EXTRACTED MATERIAL:
(* Viewing b as the sequence of lengths of the blocks ending in a one, level j
   of blocks_agree says that b and b' have the same first j blocks. This is the
   Baire-space ultrametric, for which the codes with infinitely many ones are
   complete. *)
Definition blocks_agree (b b' : code) (j : nat) : Prop :=
  b = b' \/ exists n, (j <= cnt b n)%nat /\ agree b b' n.

Lemma downc_blocks b b' : downc (blocks_agree b b').
Proof.
  split; [right; exists O; split; [lia|intros k h; lia]|].
  intros j [h|[n [h1 h2]]]; [left; auto|right; exists n; split; auto; lia].
Qed.

Lemma blocks_sym b b' j : blocks_agree b b' j -> blocks_agree b' b j.
Proof.
  intros [h|[n [h1 h2]]]; [left; auto|right; exists n; split].
  - rewrite <- (agree_cnt _ _ _ h2); auto.
  - apply agree_sym; auto.
Qed.

Lemma blocks_trans b b' b'' j :
  blocks_agree b b' j -> blocks_agree b' b'' j -> blocks_agree b b'' j.
Proof.
  intros [h|[n1 [h1 h2]]] H2; [subst; auto|].
  destruct H2 as [h|[n2 [g1 g2]]]; [subst; right; eauto|right].
  destruct (Nat.le_ge_cases n1 n2).
  - exists n1; split; auto; apply (agree_trans _ b'); auto; apply (agree_le _ _ n2); auto.
  - exists n2; split.
    + rewrite (agree_cnt b b' n2); auto; apply (agree_le _ _ n1); auto.
    + apply (agree_trans _ b'); auto; apply (agree_le _ _ n1); auto.
Qed.

(* j blocks are at least j digits. *)
Lemma blocks_agree_prefix b b' j : blocks_agree b b' j -> agree b b' j.
Proof.
  intros [h|[n [h1 h2]]]; [subst; apply agree_refl|].
  apply (agree_le _ _ n); auto; pose proof (cnt_le b n); lia.
Qed.

Lemma blocks_all b b' : (forall j, blocks_agree b b' j) -> b = b'.
Proof. intro H; apply agree_all; intro n; apply blocks_agree_prefix; auto. Qed.

Definition phi (a b : code) : Cplx := (c a, c b).
Definition Sp (P : code -> Prop) : Cplx -> Prop := fun p => exists a b, P b /\ p = phi a b.

Lemma phi_inj a b a' b' : phi a b = phi a' b' -> a = a' /\ b = b'.
Proof. unfold phi; intro H; inversion H; split; apply c_inj; auto. Qed.

Lemma cdist_ge_fst p q : Rabs (fst p - fst q) <= cdist p q.
Proof.
  unfold cdist; rewrite <- sqrt_Rsqr_abs; apply sqrt_le_1_alt; rewrite <- !Rsqr_pow2.
  pose proof (Rle_0_sqr (snd p - snd q)); lra.
Qed.

Lemma cdist_ge_snd p q : Rabs (snd p - snd q) <= cdist p q.
Proof.
  unfold cdist; rewrite <- sqrt_Rsqr_abs; apply sqrt_le_1_alt; rewrite <- !Rsqr_pow2.
  pose proof (Rle_0_sqr (fst p - fst q)); lra.
Qed.

Lemma cdist_le p q : cdist p q <= Rabs (fst p - fst q) + Rabs (snd p - snd q).
Proof.
  unfold cdist; set (x := fst p - fst q); set (y := snd p - snd q).
  pose proof (Rabs_pos x); pose proof (Rabs_pos y).
  rewrite <- (sqrt_Rsqr (Rabs x + Rabs y)) by lra.
  apply sqrt_le_1_alt; rewrite <- !Rsqr_pow2, Rsqr_plus, <- !Rsqr_abs.
  pose proof (Rmult_le_pos _ _ H H0); lra.
Qed.

Lemma open_char P U : open_in (Sp P) U <-> subset U (Sp P) /\
  forall a b, P b -> U (phi a b) -> exists n, forall a' b', P b' ->
    agree a a' n -> agree b b' n -> U (phi a' b').
Proof.
  split.
  - intros [HS HU]; split; auto; intros a b Hb Hx.
    destruct (HU _ Hx) as [eps [He Heps]].
    destruct (hp_small (eps / 2)) as [n Hn]; [lra|].
    exists n; intros a' b' H' h1 h2; apply Heps; [exists a', b'; auto|].
    pose proof (cdist_le (phi a b) (phi a' b')); simpl in *.
    pose proof (c_close _ _ _ h1); pose proof (c_close _ _ _ h2).
    pose proof (third_pow_le_hp n); lra.
  - intros [HS HU]; split; auto; intros x Hx.
    destruct (HS _ Hx) as [a [b [Hb ->]]].
    destruct (HU a b Hb Hx) as [n Hn].
    exists ((/3) ^ n); split; [apply third_pow_pos|].
    intros y [a' [b' [H' ->]]] hd; apply Hn; auto; apply NNPP; intro h;
      pose proof (c_far _ _ _ h).
    + pose proof (cdist_ge_fst (phi a b) (phi a' b')); simpl in *; lra.
    + pose proof (cdist_ge_snd (phi a b) (phi a' b')); simpl in *; lra.
Qed.
Lemma loss_le (R : realType) (d : R) (q : seq nat) (N : nat) (B : {set bitword N}) :
  0 < d -> loss d q B <= 20 * log10 (2 / Num.sqrt 3).
Proof.
move=> d_gt0; rewrite /loss; set X := CMcode d q B.
have s3_gt0 : 0 < Num.sqrt 3 :> R by rewrite sqrtr_gt0.
rewrite ler_pM2l // log10_le //; first by rewrite ler_pdivlMr ?mul1r ?ltW ?sqrt3_lt2.
have mB_ge0 : 0 <= min_pairs X (@aB R d N) by apply: min_pairs_ge0 => *; exact: aB_ge0.
have [->|mB_neq0] := eqVneq (min_pairs X (@aB R d N)) 0.
  by rewrite invr0 mulr0 divr_ge0 ?ltW.
have mB_gt0 : 0 < min_pairs X (@aB R d N) by rewrite lt_neqAle eq_sym mB_neq0.
have key : min_pairs X (@aX R d N) * Num.sqrt 3 <= 2 * min_pairs X (@aB R d N).
  apply: min_pairs_scale_le; [exact: sqrtr_ge0 | by [] | exact: aX_ge0 |].
  by move=> x xh; exact: aX_sqrt3_le_aB.
by rewrite ler_pdivlMr // mulrAC ler_pdivrMr.
Qed.

Lemma F2mx_addrr m n (A : 'M['F_2]_(m, n)) : A + A = 0.
Proof.
by apply/matrixP => i j; rewrite !mxE (addrr_pchar2 (pchar_Fp (isT : prime 2))).
Qed.

Lemma linear_code_set2 N (u : bitword N) : linear_code [set 0; u].
Proof.
rewrite /linear_code in_set2 eqxx /=.
apply/forallP => v; apply/implyP; rewrite in_set2 => /orP[]/eqP->;
apply/forallP => w; apply/implyP; rewrite in_set2 => /orP[]/eqP->;
by rewrite ?add0r ?addr0 ?F2mx_addrr in_set2 eqxx ?orbT.
Qed.

Section Symmetry.
Variables (R : realType) (d : R) (N : nat).

Lemma sum_diff_sym (F : R -> R -> R) (x y : 'I_N -> R) :
  (forall u v, F u v = F v u) ->
  \sum_(k < N | x k != y k) F (x k) (y k) = \sum_(k < N | y k != x k) F (y k) (x k).
Proof. by move=> F_sym; apply: eq_big => [k|k _]; [rewrite eq_sym | exact: F_sym]. Qed.

Lemma sqd_sym u v : sqd d u v = sqd d v u.
Proof. by rewrite /sqd -opprB sqrrN. Qed.

Lemma is_s1s4_sym u v : is_s1s4 d u v = is_s1s4 d v u.
Proof. by rewrite /is_s1s4 orbC; congr (_ || _); exact: andbC. Qed.

Lemma aX_sym (x y : 'I_N -> R) : aX d x y = aX d y x.
Proof. by rewrite /aX; congr (_ / Num.sqrt _); apply: sum_diff_sym; exact: sqd_sym. Qed.

Lemma muB_sym u v : muB d u v = muB d v u.
Proof. by rewrite /muB is_s1s4_sym sqd_sym. Qed.

Lemma sigB_sym u v : sigB d u v = sigB d v u.
Proof. by rewrite /sigB is_s1s4_sym sqd_sym. Qed.

Lemma aB_sym (x y : 'I_N -> R) : aB d x y = aB d y x.
Proof.
rewrite /aB; congr (_ / Num.sqrt _); apply: sum_diff_sym.
- exact: muB_sym.
- exact: sigB_sym.
Qed.

End Symmetry.

Definition q_ex : seq nat := [:: 0; 1; 3; 2]%N.

Definition b_ex : bitword 4 :=
  mxvec (\matrix_(k < 4, j < 2) (if k == 0 :> nat then j == 0 :> nat else j == 1 :> nat)%:R).

Definition B_ex : {set bitword 4} := [set 0; b_ex]%SET.

Lemma b_ex_neq0 : b_ex != 0.
Proof.
apply/eqP => /(congr1 (fun b => vec_mx b ord0 ord0)).
by rewrite mxvecK linear0 !mxE.
Qed.

Section Attained.
Variables (R : realType) (d : R).
Hypothesis d_gt0 : 0 < d.

Lemma modulate0 k : modulate d q_ex (0 : bitword 4) k = - (3 * d).
Proof. by rewrite /modulate linear0 !mxE /Phi /= /sym; lra. Qed.

Lemma modulate_b_ex k : modulate d q_ex b_ex k = if k == 0 :> nat then 3 * d else - d.
Proof.
rewrite /modulate mxvecK !mxE /Phi.
by case: k => [[|[|[|[|k]]]] lt_k4] //=; rewrite /sym; lra.
Qed.

Let x0 := modulate d q_ex (0 : bitword 4).
Let x1 := modulate d q_ex b_ex.

Lemma modulate_ex_neq k : x0 k != x1 k.
Proof.
(* lra ignores section hypotheses, hence the explicit [have := d_gt0]. *)
rewrite /x0 /x1 modulate0 modulate_b_ex.
by case: ifP => _; apply/eqP => e; have := d_gt0; lra.
Qed.

Lemma sqd_ex k : sqd d (x0 k) (x1 k) = if k == 0 :> nat then 9 else 1.
Proof.
have d_neq0 : d != 0 by rewrite gt_eqF.
by rewrite /x0 /x1 modulate0 modulate_b_ex /sqd; case: ifP => _; field.
Qed.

INSTRUCTIONS FOR THE TASK:
Your answer should be the lines above, from the line containing "pose proof (Rle_0_sqr (fst" up to and including the line containing "Rsqr_plus, <- !Rsqr_abs.", reproduced exactly and with nothing else.

OUTPUT FOR THIS EXERCISE:
  pose proof (Rle_0_sqr (fst p - fst q)); lra.
Qed.

Lemma cdist_le p q : cdist p q <= Rabs (fst p - fst q) + Rabs (snd p - snd q).
Proof.
  unfold cdist; set (x := fst p - fst q); set (y := snd p - snd q).
  pose proof (Rabs_pos x); pose proof (Rabs_pos y).
  rewrite <- (sqrt_Rsqr (Rabs x + Rabs y)) by lra.
  apply sqrt_le_1_alt; rewrite <- !Rsqr_pow2, Rsqr_plus, <- !Rsqr_abs.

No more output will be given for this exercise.